WHAT THE EXERCISE ASKS - From the line containing "repeat split; apply" down to the line containing "intros x Hx." in the records below, reproduce every line exactly, ends included, and omit all others.

##### SUPPLIED DATA

Lemma solution_coords_right_continuous F x : is_forward_solution F x ->
  right_continuous0 (fun t => c1 (x t)) /\ right_continuous0 (fun t => c2 (x t)) /\
  right_continuous0 (fun t => c3 (x t)).
Proof.
  intros [Hc _].
  assert (Hcoord : forall pr : V3 -> R, (forall u, pr u ^ 2 <= norm2 u) ->
            (forall u v, pr (vsub u v) = pr u - pr v) -> right_continuous0 (fun t => pr (x t))).
  { intros pr Hle Hsub e he. destruct (Hc e he) as [d [hd Hd]]. exists d. split; [lra|].
    intros t [ht hdt]. simpl in hdt |- *. unfold R_dist in *.
    rewrite Rminus_0_r, Rabs_right in hdt by lra.
    specialize (Hd t ltac:(lra)). apply (vnorm_lt _ e he) in Hd.
    specialize (Hle (vsub (x t) (x 0))). rewrite Hsub in Hle. apply Rabs_def1; nra. }
  repeat split; apply Hcoord; intros; unfold norm2, dot; simpl; nra.
Qed.

Definition quad1 (w q g y : R) : R := w * ((y - q) * (y - q)) + g * y.

Lemma quad1_derive f t l w q g : derivable_pt_lim f t l ->
  derivable_pt_lim (fun s => quad1 w q g (f s)) t ((2 * w * (f t - q) + g) * l).
Proof.
  intro Hf. apply is_derive_Reals in Hf. apply is_derive_Reals. unfold quad1.
  auto_derive; [repeat split; exists l; exact Hf|].
  replace (Derive (fun s => f s) t) with l by (symmetry; apply is_derive_unique; exact Hf). ring.
Qed.

Definition quadratic (w q g v : V3) : R :=
  quad1 (c1 w) (c1 q) (c1 g) (c1 v) + quad1 (c2 w) (c2 q) (c2 g) (c2 v) +
  quad1 (c3 w) (c3 q) (c3 g) (c3 v).

Definition quadratic_grad (w q g v : V3) : V3 :=
  vadd (vscale 2 (vmul w (vsub v q))) g.

Lemma quadratic_lie F w q g :
  has_lie_derivative F (quadratic w q g) (fun v => dot (quadratic_grad w q g v) (F v)).
Proof.
  intros x Hx. destruct (solution_coords_right_continuous F x Hx) as [C1 [C2 C3]].
  destruct Hx as [_ Hd]. split.
  - unfold quadratic, quad1.
    repeat first [ apply limit_plus | apply limit_minus | apply limit_mul
                 | exact C1 | exact C2 | exact C3 | exact (limit_free (fun _ => _) _ 0 0) ].
  - intros t ht. destruct (Hd t ht) as [D1 [D2 D3]].
    pose proof (derivable_pt_lim_plus _ _ t _ _
      (derivable_pt_lim_plus _ _ t _ _ (quad1_derive _ t _ (c1 w) (c1 q) (c1 g) D1)
                                     (quad1_derive _ t _ (c2 w) (c2 q) (c2 g) D2))
      (quad1_derive _ t _ (c3 w) (c3 q) (c3 g) D3)) as D.
    match type of D with derivable_pt_lim _ _ ?l =>
      replace (dot _ _) with l
        by (unfold quadratic_grad, dot, vmul, vsub, vadd, vscale; simpl; ring) end.
    exact D.
Qed.

(* Quantitative form of: p × z vanishes only for z parallel to p, which k.z = 0 excludes
   as soon as k.p <> 0. *)
Lemma cross_norm2_lower p k z :
  dot p k ^ 2 * norm2 p * norm2 z <=
  (dot p k ^ 2 + 2 * norm2 (cross p k)) * norm2 (cross p z) + 2 * norm2 p ^ 2 * dot k z ^ 2.
Proof.
  pose proof (lagrange_identity p z) as Hpz.
  pose proof (binet_cauchy p z k) as Hbc.
  pose proof (cauchy_schwarz (cross p z) (cross p k)) as Hcs.
  set (W := dot (cross p z) (cross p k)) in *.
  assert (Hkz : dot z k = dot k z) by (unfold dot; ring). rewrite Hkz in Hbc.
  assert (Hsplit : (norm2 p * dot k z - W) ^ 2 <= 2 * (norm2 p * dot k z) ^ 2 + 2 * W ^ 2)
    by (pose proof (pow2_ge_0 (norm2 p * dot k z + W)); nra).
  pose proof (norm2_ge0 (cross p z)).
  replace (dot p k ^ 2 * norm2 p * norm2 z) with
    (dot p k ^ 2 * (norm2 p * norm2 z)) by ring.
  replace (dot p k ^ 2 * (norm2 p * norm2 z)) with
    (dot p k ^ 2 * norm2 (cross p z) + (dot p z * dot p k) ^ 2) by (rewrite <- Hpz; ring).
  replace (dot p z * dot p k) with (norm2 p * dot k z - W) by lra.
  nra.
Qed.

Lemma cross_add_norm2_ge u v z :
  / 2 * norm2 (cross u z) - norm2 (cross v z) <= norm2 (cross (vadd u v) z).
Proof.
  set (a := cross u z); set (b := cross v z).
  assert (Hab : cross (vadd u v) z = vadd a b) by (unfold a, b, cross, vadd; simpl; f_equal; ring).
  rewrite Hab. pose proof (norm2_ge0 (vadd a (vscale 2 b))).
  unfold norm2, dot, vadd, vscale in *; simpl in *. nra.
Qed.

Lemma linear_dominates_quadratic al be : 0 < al -> 0 <= be ->
  exists r, 0 < r /\ forall s, 0 <= s <= r -> al / 2 * s <= al * s - be * s ^ 2.
Proof.
  intros hal hbe. exists (al / (2 * be + 2)). split; [apply Rdiv_lt_0_compat; lra|].
  intros s [hs hsr].
  assert (Hbs : be * s <= al / 2).
  { apply Rmult_le_compat_l with (r := be) in hsr; [|lra].
    apply (Rle_trans _ _ _ hsr). unfold Rdiv.
    apply (Rmult_le_reg_r (2 * be + 2)); [lra|].
    field_simplify; [|lra]. nra. }
  nra.
Qed.

Definition shifted (lam : R) (w : V3) : V3 := mkV3 (c1 w - lam) (c2 w - lam) (c3 w - lam).

Lemma exists_orthogonal p : 0 < norm2 p -> exists w, dot w p = 0 /\ 0 < norm2 w.
Proof.
  intro hp. unfold norm2, dot in *.
  destruct (Req_dec (c1 p) 0) as [e1|e1]; [destruct (Req_dec (c2 p) 0) as [e2|e2]|].
  - exists (mkV3 0 (c3 p) 0); simpl. rewrite e1, e2 in *. split; nra.
  - exists (mkV3 (c2 p) (- c1 p) 0); simpl. split; [ring|].
    pose proof (Rsqr_pos_lt _ e2). unfold Rsqr in *. nra.
  - exists (mkV3 (c2 p) (- c1 p) 0); simpl. split; [ring|].
    pose proof (Rsqr_pos_lt _ e1). unfold Rsqr in *. nra.
Qed.

Section Level_set.

Variables (lam : R) (aa p : V3).
Hypotheses (hlam : 0 < lam) (h1 : lam < c1 aa) (h2 : lam < c2 aa) (h3 : lam < c3 aa)
  (hp : 0 < norm2 p).

(* [on_level y]: p + y lies on the energy level of p when m(p) = lam p and A = diag aa
   (see [energy_level]). *)
Definition on_level (y : V3) : Prop := lam * dot p y + / 2 * dot y (vmul aa y) = 0.

Lemma level_dot_bound : exists C, 0 <= C /\ forall y, on_level y -> dot p y ^ 2 <= C * norm2 y ^ 2.
Proof.
  destruct (rayleigh_bounds aa) as [m [M [[hm hmM] HA]]]; try lra.
  exists ((M / (2 * lam)) ^ 2). split; [apply pow2_ge_0|].
  intros y Hy. destruct (HA y) as [HAl HAu]. pose proof (norm2_ge0 y).
  assert (Hlam : lam * dot p y = - / 2 * dot y (vmul aa y)) by (unfold on_level in Hy; lra).
  apply (Rmult_le_reg_l (lam ^ 2)); [apply pow2_gt_0; lra|].
  replace (lam ^ 2 * dot p y ^ 2) with ((lam * dot p y) ^ 2) by ring.
  replace (lam ^ 2 * ((M / (2 * lam)) ^ 2 * norm2 y ^ 2)) with ((/ 2 * (M * norm2 y)) ^ 2)
    by (field; lra).
  rewrite Hlam.
  assert (0 <= dot y (vmul aa y)) by nra.
  replace ((- / 2 * dot y (vmul aa y)) ^ 2) with ((/ 2 * dot y (vmul aa y)) ^ 2) by ring.
  apply pow_incr. lra.
Qed.

(* With z = B y and k = B^-1 p (B = diag (aa - lam)), k.z = p.y is O(|y|^2) on the level
   while k.p > 0. *)
Lemma level_cross_lower : exists al be, 0 < al /\ 0 <= be /\ forall y, on_level y ->
  al * norm2 y - be * norm2 y ^ 2 <= norm2 (cross (vadd p y) (vmul (shifted lam aa) y)).
Proof.
  set (b := shifted lam aa).
  assert (hb : 0 < c1 b /\ 0 < c2 b /\ 0 < c3 b) by (unfold b, shifted; simpl; lra).
  destruct (rayleigh_bounds (mkV3 (/ c1 b) (/ c2 b) (/ c3 b))) as [mk [Mk [[hmk _] Hk]]];
    simpl; try (apply Rinv_0_lt_compat; lra).
  destruct (rayleigh_bounds (vmul b b)) as [mb [Mb [[hmb hmbM] Hb]]]; simpl; try nra.
  destruct level_dot_bound as [C [hC HC]].
  set (k := vmul (mkV3 (/ c1 b) (/ c2 b) (/ c3 b)) p).
  set (pk := dot p k).
  assert (hpk : 0 < pk) by (destruct (Hk p); unfold pk, k; nra).
  set (D := pk ^ 2 + 2 * norm2 (cross p k)).
  assert (hD : 0 < D) by (unfold D; pose proof (norm2_ge0 (cross p k)); nra).
  exists (pk ^ 2 * norm2 p * mb / 2 / D), ((norm2 p ^ 2 * C + D * Mb) / D). split; [|split].
  { apply Rdiv_lt_0_compat; [|lra]. apply Rdiv_lt_0_compat; [|lra].
    repeat apply Rmult_lt_0_compat; lra. }
  { apply Rdiv_le_0_compat; [|lra].
    apply Rplus_le_le_0_compat; apply Rmult_le_pos; try lra; apply pow2_ge_0. }
  intros y Hy. set (z := vmul b y).
  assert (Hz : norm2 z = dot y (vmul (vmul b b) y)) by (unfold z, norm2, dot, vmul; simpl; ring).
  assert (Hkz : dot k z = dot p y) by (unfold k, z, dot, vmul; simpl; field; lra).
  destruct (Hb y) as [Hzl Hzu]. rewrite <- Hz in Hzl, Hzu.
  pose proof (cross_norm2_lower p k z) as Hpz. fold pk D in Hpz. rewrite Hkz in Hpz.
  pose proof (HC y Hy) as Hpy.
  pose proof (cross_add_norm2_ge p y z) as Hadd.
  assert (Hyz : norm2 (cross y z) <= norm2 y * (Mb * norm2 y)).
  { pose proof (lagrange_identity y z). pose proof (pow2_ge_0 (dot y z)).
    pose proof (norm2_ge0 y). nra. }
  set (s := norm2 y) in *.
  assert (Hs : 0 <= s) by apply norm2_ge0.
  apply (Rmult_le_reg_l D); [lra|].
  replace (D * (_ - _))
    with (pk ^ 2 * norm2 p * mb / 2 * s - (norm2 p ^ 2 * C + D * Mb) * s ^ 2) by (field; lra).
  assert (0 <= pk ^ 2 * norm2 p) by (apply Rmult_le_pos; [apply pow2_ge_0 | lra]).
  assert (pk ^ 2 * norm2 p * (mb * s) <= pk ^ 2 * norm2 p * norm2 z)
    by (apply Rmult_le_compat_l; lra).
  assert (norm2 p ^ 2 * dot p y ^ 2 <= norm2 p ^ 2 * (C * s ^ 2))
    by (apply Rmult_le_compat_l; [apply pow2_ge_0 | lra]).
  assert (D * norm2 (cross y z) <= D * (s * (Mb * s))) by (apply Rmult_le_compat_l; lra).
  assert (D * (/ 2 * norm2 (cross p z) - norm2 (cross y z)) <= D * norm2 (cross (vadd p y) z))
    by (apply Rmult_le_compat_l; lra).
  lra.
Qed.

Lemma level_cross_coercive : exists c r, 0 < c /\ 0 < r /\ forall y, on_level y -> norm2 y <= r ->
  c * norm2 y <= norm2 (cross (vadd p y) (vmul (shifted lam aa) y)).
Proof.
  destruct level_cross_lower as [al [be [hal [hbe Hlow]]]].
  destruct (linear_dominates_quadratic al be hal hbe) as [r [hr Hr]].
  exists (al / 2), r. split; [lra | split; [lra|]].
  intros y Hy Hyr. eapply Rle_trans; [apply Hr | apply Hlow, Hy].
  split; [apply norm2_ge0 | exact Hyr].
Qed.

Lemma on_level_line d : 0 < dot d (vmul aa d) ->
  on_level (vscale (- 2 * lam * dot p d / dot d (vmul aa d)) d).
Proof.
  intro hd. unfold on_level.
  replace (dot p (vscale (- 2 * lam * dot p d / dot d (vmul aa d)) d))
    with (- 2 * lam * dot p d / dot d (vmul aa d) * dot p d) by (unfold dot, vscale; simpl; ring).
  replace (dot (vscale (- 2 * lam * dot p d / dot d (vmul aa d)) d)
               (vmul aa (vscale (- 2 * lam * dot p d / dot d (vmul aa d)) d)))
    with ((- 2 * lam * dot p d / dot d (vmul aa d)) ^ 2 * dot d (vmul aa d))
    by (unfold dot, vmul, vscale; simpl; ring).
  field. lra.
Qed.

##########

REPLY -
  repeat split; apply Hcoord; intros; unfold norm2, dot; simpl; nra.
Qed.

Definition quad1 (w q g y : R) : R := w * ((y - q) * (y - q)) + g * y.

Lemma quad1_derive f t l w q g : derivable_pt_lim f t l ->
  derivable_pt_lim (fun s => quad1 w q g (f s)) t ((2 * w * (f t - q) + g) * l).
Proof.
  intro Hf. apply is_derive_Reals in Hf. apply is_derive_Reals. unfold quad1.
  auto_derive; [repeat split; exists l; exact Hf|].
  replace (Derive (fun s => f s) t) with l by (symmetry; apply is_derive_unique; exact Hf). ring.
Qed.

Definition quadratic (w q g v : V3) : R :=
  quad1 (c1 w) (c1 q) (c1 g) (c1 v) + quad1 (c2 w) (c2 q) (c2 g) (c2 v) +
  quad1 (c3 w) (c3 q) (c3 g) (c3 v).

Definition quadratic_grad (w q g v : V3) : V3 :=
  vadd (vscale 2 (vmul w (vsub v q))) g.

Lemma quadratic_lie F w q g :
  has_lie_derivative F (quadratic w q g) (fun v => dot (quadratic_grad w q g v) (F v)).
Proof.
  intros x Hx. destruct (solution_coords_right_continuous F x Hx) as [C1 [C2 C3]].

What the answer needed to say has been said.